**TASK DESCRIPTION**
From the first line of the data below, repeat each line exactly until you reach the line with "destruct (ex_finite_lim_seq_incr (sum_n"; include that line too.

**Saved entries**
Lemma ex_series_telescoping_bound (a tau : nat -> R) (N : nat) :
  (forall n, 0 <= a n) -> (forall n, 0 <= tau n) ->
  (forall n, (N <= n)%nat -> a n <= tau n - tau (S n)) -> ex_series a.
Proof.
  intros Ha Htau Hle.
  assert (Hincr : forall n, sum_n a n <= sum_n a (S n)).
  { intros n. rewrite sum_Sn. unfold plus. simpl. pose proof (Ha (S n)). lra. }
  assert (Htel : forall m, sum_n a (N + m) <= sum_n a N + tau (S N) - tau (S (N + m))).
  { induction m as [|m IH]; [rewrite Nat.add_0_r; lra|].
    rewrite Nat.add_succ_r, sum_Sn. unfold plus. simpl.
    pose proof (Hle (S (N + m)) ltac:(lia)). lra. }
  destruct (ex_finite_lim_seq_incr (sum_n a) (sum_n a N + tau (S N)) Hincr) as [l Hl].
  - intros n. destruct (Nat.le_gt_cases N n) as [HNn | HnN].
    + replace n with (N + (n - N))%nat by lia.
      pose proof (Htel (n - N)%nat). pose proof (Htau (S (N + (n - N)))). lra.
    + assert (Hmono : forall m, sum_n a n <= sum_n a (n + m)).
      { induction m as [|m IH]; [rewrite Nat.add_0_r; lra|].
        rewrite Nat.add_succ_r. pose proof (Hincr (n + m)%nat). lra. }
      pose proof (Hmono (N - n)%nat). replace (n + (N - n))%nat with N in * by lia.
      pose proof (Htau (S N)). lra.
  - exists l. exact Hl.
Qed.

Lemma inv_sqrt_INR_nonneg n : 0 <= / sqrt (INR n).
Proof.
  destruct n as [|n].
  - simpl. rewrite sqrt_0, Rinv_0. lra.
  - left. apply Rinv_0_lt_compat, sqrt_lt_R0, lt_0_INR. lia.
Qed.

Lemma ex_series_inv_sqrt_pow3 : ex_series (fun n => / sqrt (INR n) ^ 3).
Proof.
  apply (ex_series_telescoping_bound _ (fun n => 6 * / sqrt (INR n)) 1).
  - intros n. rewrite <- pow_inv. apply pow_le, inv_sqrt_INR_nonneg.
  - intros n. pose proof (inv_sqrt_INR_nonneg n). lra.
  - intros n Hn. pose proof (inv_sqrt_pow3_le_diff n Hn). lra.
Qed.

Lemma exp_le_compat x y : x <= y -> exp x <= exp y.
Proof.
  intros Hxy. replace y with (x + (y - x)) by ring. rewrite exp_plus.
  pose proof (exp_pos x). pose proof (exp_ineq1_le (y - x)). nra.
Qed.

Lemma discrete_gronwall (E a tau : nat -> R) (N : nat) :
  (forall r, (N <= r)%nat -> 0 <= E r) ->
  (forall r, (N <= r)%nat -> E (S r) <= (1 + a r) * E r) ->
  (forall r, (N <= r)%nat -> a r <= tau r - tau (S r)) ->
  (forall r, 0 <= tau r) ->
  forall r, (N <= r)%nat -> E r <= E N * exp (tau N).
Proof.
  intros HE Hstep Ha Htau.
  assert (Hinv : forall m, E (N + m)%nat * exp (tau (N + m)%nat) <= E N * exp (tau N)).
  { induction m as [|m IH]; [rewrite Nat.add_0_r; lra|].
    rewrite Nat.add_succ_r. set (x := (N + m)%nat) in *.
    assert (Hx : (N <= x)%nat) by lia.
    pose proof (HE x Hx). pose proof (exp_pos (tau (S x))).
    assert (Hexp : (1 + a x) * exp (tau (S x)) <= exp (tau x)).
    { apply Rle_trans with (exp (a x) * exp (tau (S x))).
      - apply Rmult_le_compat_r; [lra | apply exp_ineq1_le].
      - rewrite <- exp_plus. apply exp_le_compat. pose proof (Ha x Hx). lra. }
    apply Rle_trans with ((1 + a x) * E x * exp (tau (S x))).
    - apply Rmult_le_compat_r; [lra | exact (Hstep x Hx)].
    - eapply Rle_trans; [| exact IH]. nra. }
  intros r Hr. replace r with (N + (r - N))%nat by lia.
  pose proof (Hinv (r - N)%nat). pose proof (HE (N + (r - N))%nat ltac:(lia)).
  assert (1 <= exp (tau (N + (r - N))%nat)).
  { rewrite <- exp_0. apply exp_le_compat, Htau. }
  nra.
Qed.

Definition energy_form (G1 G2 g : R) (x y : C) : R :=
  G1 ^ 2 / G2 * Cmod x ^ 2 + G1 * Cmod y ^ 2 + g * G1 * Im (x * Cconj y).

Lemma Im_mul_conj_le x y : Rabs (Im (x * Cconj y)) <= (Cmod x ^ 2 + Cmod y ^ 2) / 2.
Proof.
  destruct x as [x1 x2], y as [y1 y2]. rewrite !Cmod2_alt. simpl.
  pose proof (pow2_ge_0 (x2 - y1)). pose proof (pow2_ge_0 (x1 + y2)).
  pose proof (pow2_ge_0 (x2 + y1)). pose proof (pow2_ge_0 (x1 - y2)).
  apply Rabs_le. split; nra.
Qed.

Lemma Re_mul_conj_le x y : Rabs (Re (x * Cconj y)) <= (Cmod x ^ 2 + Cmod y ^ 2) / 2.
Proof.
  destruct x as [x1 x2], y as [y1 y2]. rewrite !Cmod2_alt. simpl.
  pose proof (pow2_ge_0 (x1 - y1)). pose proof (pow2_ge_0 (x2 - y2)).
  pose proof (pow2_ge_0 (x1 + y1)). pose proof (pow2_ge_0 (x2 + y2)).
  apply Rabs_le. split; nra.
Qed.

Lemma energy_form_succ G1 G2 G3 g g' x y z : G2 <> 0 -> G3 <> 0 ->
  (RtoC G2 * z = RtoC G1 * x + (1 + Ci * RtoC (g * G2)) * y)%C ->
  energy_form G2 G3 g' y z - energy_form G1 G2 g x y
  = Cmod y ^ 2 * (G2 ^ 2 / G3 - G1 + / G2 + g * G2 * (g - g'))
    + (g - g') * G1 * Im (x * Cconj y) + 2 * (G1 / G2) * Re (x * Cconj y).
Proof.
  intros H2 H3 Hz. destruct x as [x1 x2], y as [y1 y2], z as [z1 z2].
  unfold Cmult, Cplus, RtoC, Ci in Hz. simpl in Hz. injection Hz as Hz1 Hz2.
  assert (E1 : z1 = (G1 * x1 + y1 - g * G2 * y2) / G2) by (field_simplify_eq; lra).
  assert (E2 : z2 = (G1 * x2 + y2 + g * G2 * y1) / G2) by (field_simplify_eq; lra).
  unfold energy_form. rewrite !Cmod2_alt. simpl. rewrite E1, E2. field. split; auto.
Qed.

Lemma energy_form_lower G1 G2 g mu x y : 0 < G1 -> 0 < G2 -> 0 <= g <= 2 * mu -> mu < 1 ->
  (1 + mu) / 2 <= G1 / G2 ->
  (1 - mu) / 2 * G1 * (Cmod x ^ 2 + Cmod y ^ 2) <= energy_form G1 G2 g x y.
Proof.
  intros HG1 HG2 Hg Hmu Hratio. unfold energy_form.
  pose proof (Im_mul_conj_le x y) as HI.
  pose proof (pow2_ge_0 (Cmod x)). pose proof (pow2_ge_0 (Cmod y)).
  set (X := Cmod x ^ 2) in *. set (Y := Cmod y ^ 2) in *.
  set (I := Im (x * Cconj y)) in *.
  assert (HgI : Rabs (g * I) <= mu * (X + Y)).
  { rewrite Rabs_mult, (Rabs_pos_eq g) by lra. nra. }
  apply Rabs_le_between in HgI.
  replace (G1 ^ 2 / G2) with (G1 * (G1 / G2)) by (field; lra).
  replace (G1 * (G1 / G2) * X + G1 * Y + g * G1 * I)
    with (G1 * (G1 / G2 * X + Y + g * I)) by ring.
  replace ((1 - mu) / 2 * G1 * (X + Y)) with (G1 * ((1 - mu) / 2 * (X + Y))) by ring.
  apply Rmult_le_compat_l; nra.
Qed.

Section EnergyMethod.

Variables (gam g : nat -> R) (d : nat -> C) (mu c1 c2 : R) (N : nat).

Hypothesis N_pos : (1 <= N)%nat.
Hypothesis mu_lt_1 : mu < 1.
Hypothesis c1_nonneg : 0 <= c1.
Hypothesis c2_nonneg : 0 <= c2.
Hypothesis recurrence : forall r, (N <= r)%nat ->
  (RtoC (gam (S (S r))) * d (S (S r))
   = RtoC (gam (S r)) * d r + (1 + Ci * RtoC (g r * gam (S (S r)))) * d (S r))%C.
Hypothesis gam_growth : forall r, (N <= r)%nat -> sqrt (INR r) ^ 3 <= gam (S r).
Hypothesis gam_ratio : forall r, (N <= r)%nat -> (1 + mu) / 2 <= gam (S r) / gam (S (S r)).
Hypothesis gam_log_concave_defect : forall r, (N <= r)%nat ->
  0 <= gam (S (S r)) ^ 2 / gam (S (S (S r))) - gam (S r) <= c1 / sqrt (INR r) ^ 3 * gam (S r).
Hypothesis g_bounds : forall r, (N <= r)%nat -> 0 <= g r <= 2 * mu.
Hypothesis g_increment : forall r, (N <= r)%nat -> Rabs (g r - g (S r)) <= c2 / sqrt (INR r) ^ 3.

Let energy r := energy_form (gam (S r)) (gam (S (S r))) (g r) (d r) (d (S r)).

Lemma gam_succ_ge r : (N <= r)%nat -> 1 <= sqrt (INR r) ^ 3 <= gam (S r).
Proof.
  intros Hr. split; [|apply gam_growth, Hr].
  apply pow_R1_Rle, sqrt_INR_ge_1. lia.
Qed.

Lemma energy_lower r : (N <= r)%nat ->
  (1 - mu) / 2 * gam (S r) * (Cmod (d r) ^ 2 + Cmod (d (S r)) ^ 2) <= energy r.
Proof.
  intros Hr. pose proof (gam_succ_ge r Hr). pose proof (gam_succ_ge (S r) ltac:(lia)).
  apply energy_form_lower; [lra | lra | apply g_bounds, Hr | exact mu_lt_1 | apply gam_ratio, Hr].
Qed.

Lemma gam_succ_le_twice r : (N <= r)%nat -> gam (S (S r)) <= 2 * gam (S r).
Proof.
  intros Hr. pose proof (gam_succ_ge (S r) ltac:(lia)). pose proof (g_bounds r Hr).
  pose proof (gam_ratio r Hr) as Hratio.
  apply Rmult_le_compat_r with (r := gam (S (S r))) in Hratio; [|lra].
  replace (gam (S r) / gam (S (S r)) * gam (S (S r))) with (gam (S r)) in Hratio by (field; lra).
  nra.
Qed.

Lemma inv_gam_succ_le r : (N <= r)%nat -> / gam (S (S r)) <= / sqrt (INR r) ^ 3.
Proof.
  intros Hr. pose proof (gam_succ_ge (S r) ltac:(lia)).
  eapply Rle_trans; [apply Rinv_le_contravar | apply inv_sqrt_pow3_succ_le]; lra || lia.
Qed.

Lemma energy_increment_eq r : (N <= r)%nat ->
  energy (S r) - energy r
    = Cmod (d (S r)) ^ 2 * (gam (S (S r)) ^ 2 / gam (S (S (S r))) - gam (S r) + / gam (S (S r))
                            + g r * gam (S (S r)) * (g r - g (S r)))
      + (g r - g (S r)) * gam (S r) * Im (d r * Cconj (d (S r)))
      + 2 * (gam (S r) / gam (S (S r))) * Re (d r * Cconj (d (S r))).
Proof.
  intros Hr. pose proof (gam_succ_ge (S r) ltac:(lia)). pose proof (gam_succ_ge (S (S r)) ltac:(lia)).
  apply energy_form_succ; [lra | lra | apply recurrence, Hr].
Qed.

Lemma energy_increment_le r : (N <= r)%nat ->
  energy (S r) - energy r
    <= (c1 + 2 + 5 * c2) / sqrt (INR r) ^ 3 * gam (S r) * (Cmod (d r) ^ 2 + Cmod (d (S r)) ^ 2).
Proof.
  intros Hr. rewrite energy_increment_eq by exact Hr.
  pose proof (gam_succ_ge r Hr) as HG1. pose proof (gam_succ_ge (S r) ltac:(lia)) as HG2.
  pose proof (gam_succ_le_twice r Hr) as HG21. pose proof (inv_gam_succ_le r Hr) as Hinv2.
  pose proof (g_bounds r Hr) as Hg. pose proof (gam_log_concave_defect r Hr) as Hconc.
  pose proof (g_increment r Hr) as Hinc.
  pose proof (Im_mul_conj_le (d r) (d (S r))) as HI.
  pose proof (Re_mul_conj_le (d r) (d (S r))) as HRe.
  set (G1 := gam (S r)) in *. set (G2 := gam (S (S r))) in *.
  set (X := Cmod (d r) ^ 2). set (Y := Cmod (d (S r)) ^ 2).
  set (I := Im (d r * Cconj (d (S r)))) in *. set (Re' := Re (d r * Cconj (d (S r)))) in *.
  set (w := / sqrt (INR r) ^ 3) in *.
  unfold Rdiv in Hconc, Hinc |- *. fold w in Hconc, Hinc |- *.
  assert (Hw : 0 < w) by (apply Rinv_0_lt_compat; lra).
  assert (HX : 0 <= X) by apply pow2_ge_0. assert (HY : 0 <= Y) by apply pow2_ge_0.
  assert (Hc1 : 0 <= c1 * w * G1) by (apply Rmult_le_pos; [apply Rmult_le_pos|]; lra).
  assert (Hc2 : 0 <= c2 * w) by (apply Rmult_le_pos; lra).
  assert (Hdrift : Rabs (g r * G2 * (g r - g (S r))) <= 4 * (c2 * w) * G1).
  { rewrite !Rabs_mult, (Rabs_pos_eq (g r)), (Rabs_pos_eq G2) by lra.
    apply Rle_trans with (4 * G1 * Rabs (g r - g (S r))); [|nra].
    apply Rmult_le_compat_r; [apply Rabs_pos | nra]. }
  assert (Hcross : Rabs ((g r - g (S r)) * G1 * I) <= c2 * w * G1 * ((X + Y) / 2)).
  { rewrite !Rabs_mult, (Rabs_pos_eq G1) by lra.
    apply Rmult_le_compat; [| apply Rabs_pos | | exact HI].
    - apply Rmult_le_pos; [apply Rabs_pos | lra].
    - apply Rmult_le_compat_r; lra. }
  assert (Hdot : Rabs (2 * (G1 * / G2) * Re') <= 2 * (w * G1) * ((X + Y) / 2)).
  { assert (0 <= / G2) by (left; apply Rinv_0_lt_compat; lra).
    rewrite Rabs_mult, (Rabs_pos_eq (2 * (G1 * / G2))) by nra.
    apply Rmult_le_compat; [nra | apply Rabs_pos | nra | exact HRe]. }
  apply Rabs_le_between in Hdrift, Hcross, Hdot.
  assert (Y * (G2 ^ 2 * / gam (S (S (S r))) - G1 + / G2 + g r * G2 * (g r - g (S r)))
          <= Y * (c1 * w * G1 + w * G1 + 4 * (c2 * w) * G1)).
  { apply Rmult_le_compat_l; [exact HY|]. nra. }
  assert (0 <= w * G1 * X) by (apply Rmult_le_pos; nra).
  nra.
Qed.

Let rate := (c1 + 2 + 5 * c2) / ((1 - mu) / 2).

Lemma energy_succ_le r : (N <= r)%nat ->
  energy (S r) <= (1 + rate / sqrt (INR r) ^ 3) * energy r.
Proof.
  intros Hr. pose proof (energy_increment_le r Hr). pose proof (energy_lower r Hr).
  pose proof (gam_succ_ge r Hr). pose proof (sqrt_INR_ge_1 r ltac:(lia)).
  assert (Hw : 0 <= / sqrt (INR r) ^ 3) by (left; apply Rinv_0_lt_compat; lra).
  assert (Hmu : 0 < (1 - mu) / 2) by lra.
  set (Z := gam (S r) * (Cmod (d r) ^ 2 + Cmod (d (S r)) ^ 2)) in *.
  assert (HZ : 0 <= Z).
  { apply Rmult_le_pos; [lra|]. pose proof (pow2_ge_0 (Cmod (d r))).
    pose proof (pow2_ge_0 (Cmod (d (S r)))). lra. }
  replace ((1 - mu) / 2 * gam (S r) * (Cmod (d r) ^ 2 + Cmod (d (S r)) ^ 2))
    with ((1 - mu) / 2 * Z) in * by (unfold Z; ring).
  replace ((c1 + 2 + 5 * c2) / sqrt (INR r) ^ 3 * gam (S r) * (Cmod (d r) ^ 2 + Cmod (d (S r)) ^ 2))
    with (rate / sqrt (INR r) ^ 3 * ((1 - mu) / 2 * Z)) in * by (unfold rate, Z; field; lra).
  assert (0 <= rate / sqrt (INR r) ^ 3).
  { apply Rmult_le_pos; [apply Rdiv_le_0_compat|]; lra. }
  nra.
Qed.

Lemma energy_bounded : exists M, forall r, (N <= r)%nat -> energy r <= M.
Proof.
  assert (Hrate : 0 <= rate) by (apply Rdiv_le_0_compat; lra).
  exists (energy N * exp (6 * rate * / sqrt (INR N))).
  apply (discrete_gronwall energy (fun r => rate / sqrt (INR r) ^ 3)
                           (fun r => 6 * rate * / sqrt (INR r)) N).
  - intros r Hr. pose proof (energy_lower r Hr). pose proof (gam_succ_ge r Hr).
    pose proof (pow2_ge_0 (Cmod (d r))). pose proof (pow2_ge_0 (Cmod (d (S r)))).
    assert (0 <= (1 - mu) / 2 * gam (S r) * (Cmod (d r) ^ 2 + Cmod (d (S r)) ^ 2)).
    { apply Rmult_le_pos; [apply Rmult_le_pos|]; lra. }
    lra.
  - exact energy_succ_le.
  - intros r Hr. pose proof (inv_sqrt_pow3_le_diff r ltac:(lia)).
    unfold Rdiv. nra.
  - intros r. pose proof (inv_sqrt_INR_nonneg r). nra.
Qed.

Lemma Cmod_sq_decay : exists K, forall r, (N <= r)%nat -> Cmod (d r) ^ 2 <= K / sqrt (INR r) ^ 3.
Proof.
  destruct energy_bounded as [M HM].
  exists (M / ((1 - mu) / 2)). intros r Hr.
  pose proof (energy_lower r Hr). pose proof (HM r Hr). pose proof (gam_succ_ge r Hr).
  pose proof (pow2_ge_0 (Cmod (d r))). pose proof (pow2_ge_0 (Cmod (d (S r)))).
  assert (Hmu : 0 < (1 - mu) / 2) by lra.
  set (s3 := sqrt (INR r) ^ 3) in *. set (X := Cmod (d r) ^ 2) in *.
  set (Y := Cmod (d (S r)) ^ 2) in *.
  apply Rmult_le_reg_r with ((1 - mu) / 2 * s3); [nra|].
  replace (M / ((1 - mu) / 2) / s3 * ((1 - mu) / 2 * s3)) with M by (field; lra).
  assert (X * ((1 - mu) / 2 * s3) <= (1 - mu) / 2 * gam (S r) * X).
  { rewrite Rmult_comm. apply Rmult_le_compat_r; [lra|]. apply Rmult_le_compat_l; lra. }
  assert (0 <= (1 - mu) / 2 * gam (S r) * Y) by (apply Rmult_le_pos; [apply Rmult_le_pos|]; lra).
  lra.
Qed.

**SOLUTION TO THE EXERCISE**
Lemma ex_series_telescoping_bound (a tau : nat -> R) (N : nat) :
  (forall n, 0 <= a n) -> (forall n, 0 <= tau n) ->
  (forall n, (N <= n)%nat -> a n <= tau n - tau (S n)) -> ex_series a.
Proof.
  intros Ha Htau Hle.
  assert (Hincr : forall n, sum_n a n <= sum_n a (S n)).
  { intros n. rewrite sum_Sn. unfold plus. simpl. pose proof (Ha (S n)). lra. }
  assert (Htel : forall m, sum_n a (N + m) <= sum_n a N + tau (S N) - tau (S (N + m))).
  { induction m as [|m IH]; [rewrite Nat.add_0_r; lra|].
    rewrite Nat.add_succ_r, sum_Sn. unfold plus. simpl.
    pose proof (Hle (S (N + m)) ltac:(lia)). lra. }
  destruct (ex_finite_lim_seq_incr (sum_n a) (sum_n a N + tau (S N)) Hincr) as [l Hl].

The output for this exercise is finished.